Collected data:
+--

(* Let $\mathcal V$ be braided monoidal closed and complete, and let $H$ be a Hopf $\mathcal V$-category with object set $X$ whose antipode is invertible. Then for every $x\in X$ there is an isomorphism $\int^r_{H,x}\cong\int^\ell_{H,x}$ in $\mathcal V$.
   Context: $\mathcal V$: braided monoidal closed category with all limits, tensor $\otimes$, unit $I$, braiding $\sigma$. A $\mathcal V$-category $A$ with object set $X$: objects $A_{x,y}$, compositions $m_{xyz}\colon A_{x,y}\otimes A_{y,z}\to A_{x,z}$, units $j_x\colon I\to A_{x,x}$, associative and unital. Semi-Hopf: each $A_{x,y}$ is a comonoid $(\delta_{xy},\epsilon_{xy})$ in $\mathcal V$ with all $m_{xyz},j_x$ comonoid morphisms. Hopf: antipode $s_{xy}\colon A_{x,y}\to A_{y,x}$ with $m_{xyx}\circ(1\otimes s_{xy})\circ\delta_{xy}=j_x\circ\epsilon_{xy}$, $m_{yxy}\circ(s_{xy}\otimes1)\circ\delta_{xy}=j_y\circ\epsilon_{xy}$; invertible if each $s_{xy}$ is an isomorphism. Left integral space: for $z\in X$, $\int^\ell_{A,z}$ is the object of $\mathcal V$ equipped with morphisms $\tau_{yz}\colon\int^\ell_{A,z}\to A_{y,z}$ ($y\in X$) satisfying $m_{xyz}\circ(1_{A_{x,y}}\otimes\tau_{yz})=\epsilon_{xy}\otimes\tau_{xz}$ for all $x,y$, universal among such: for any object $W$ with morphisms $w_y\colon W\to A_{y,z}$ satisfying $m_{xyz}\circ(1\otimes w_y)=\epsilon_{xy}\otimes w_x$ for all $x,y$ there is a unique $u\colon W\to\int^\ell_{A,z}$ with $\tau_{yz}\circ u=w_y$ for all $y$ (it is the limit of the diagram of adjuncts of these maps under tensor-hom adjunction). Right integral space: for $x\in X$, $\int^r_{A,x}$ with morphisms $\tau_{xy}\colon\int^r_{A,x}\to A_{x,y}$ satisfying $m_{xzy}\circ(\tau_{xz}\otimes1_{A_{z,y}})=\tau_{xy}\otimes\epsilon_{zy}$ for all $z,y$, universal among such families. *)

Record Cat := {
  Ob :> Type;
  Hom : Ob -> Ob -> Type;
  idm : forall a, Hom a a;
  comp : forall a b c, Hom b c -> Hom a b -> Hom a c;
  comp_id_l : forall a b (f : Hom a b), comp a b b (idm b) f = f;
  comp_id_r : forall a b (f : Hom a b), comp a a b f (idm a) = f;
  comp_assoc : forall a b c d (h : Hom c d) (g : Hom b c) (f : Hom a b),
      comp a c d h (comp a b c g f) = comp a b d (comp b c d h g) f
}.
Arguments Hom {C} a b : rename.
Arguments idm {C} a : rename.
Arguments comp {C a b c} g f : rename.

Declare Scope cat_scope.
Notation "g ∘ f" := (comp g f) (at level 40, left associativity) : cat_scope.
Open Scope cat_scope.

+--

**Work instructions:** The required answer is the exact run of lines above starting at the line with "comp_assoc : forall" and ending at the line with "Declare Scope cat_scope.", with both ends present.

**Answer to the problem:**
  comp_assoc : forall a b c d (h : Hom c d) (g : Hom b c) (f : Hom a b),
      comp a c d h (comp a b c g f) = comp a b d (comp b c d h g) f
}.
Arguments Hom {C} a b : rename.
Arguments idm {C} a : rename.
Arguments comp {C a b c} g f : rename.

Declare Scope cat_scope.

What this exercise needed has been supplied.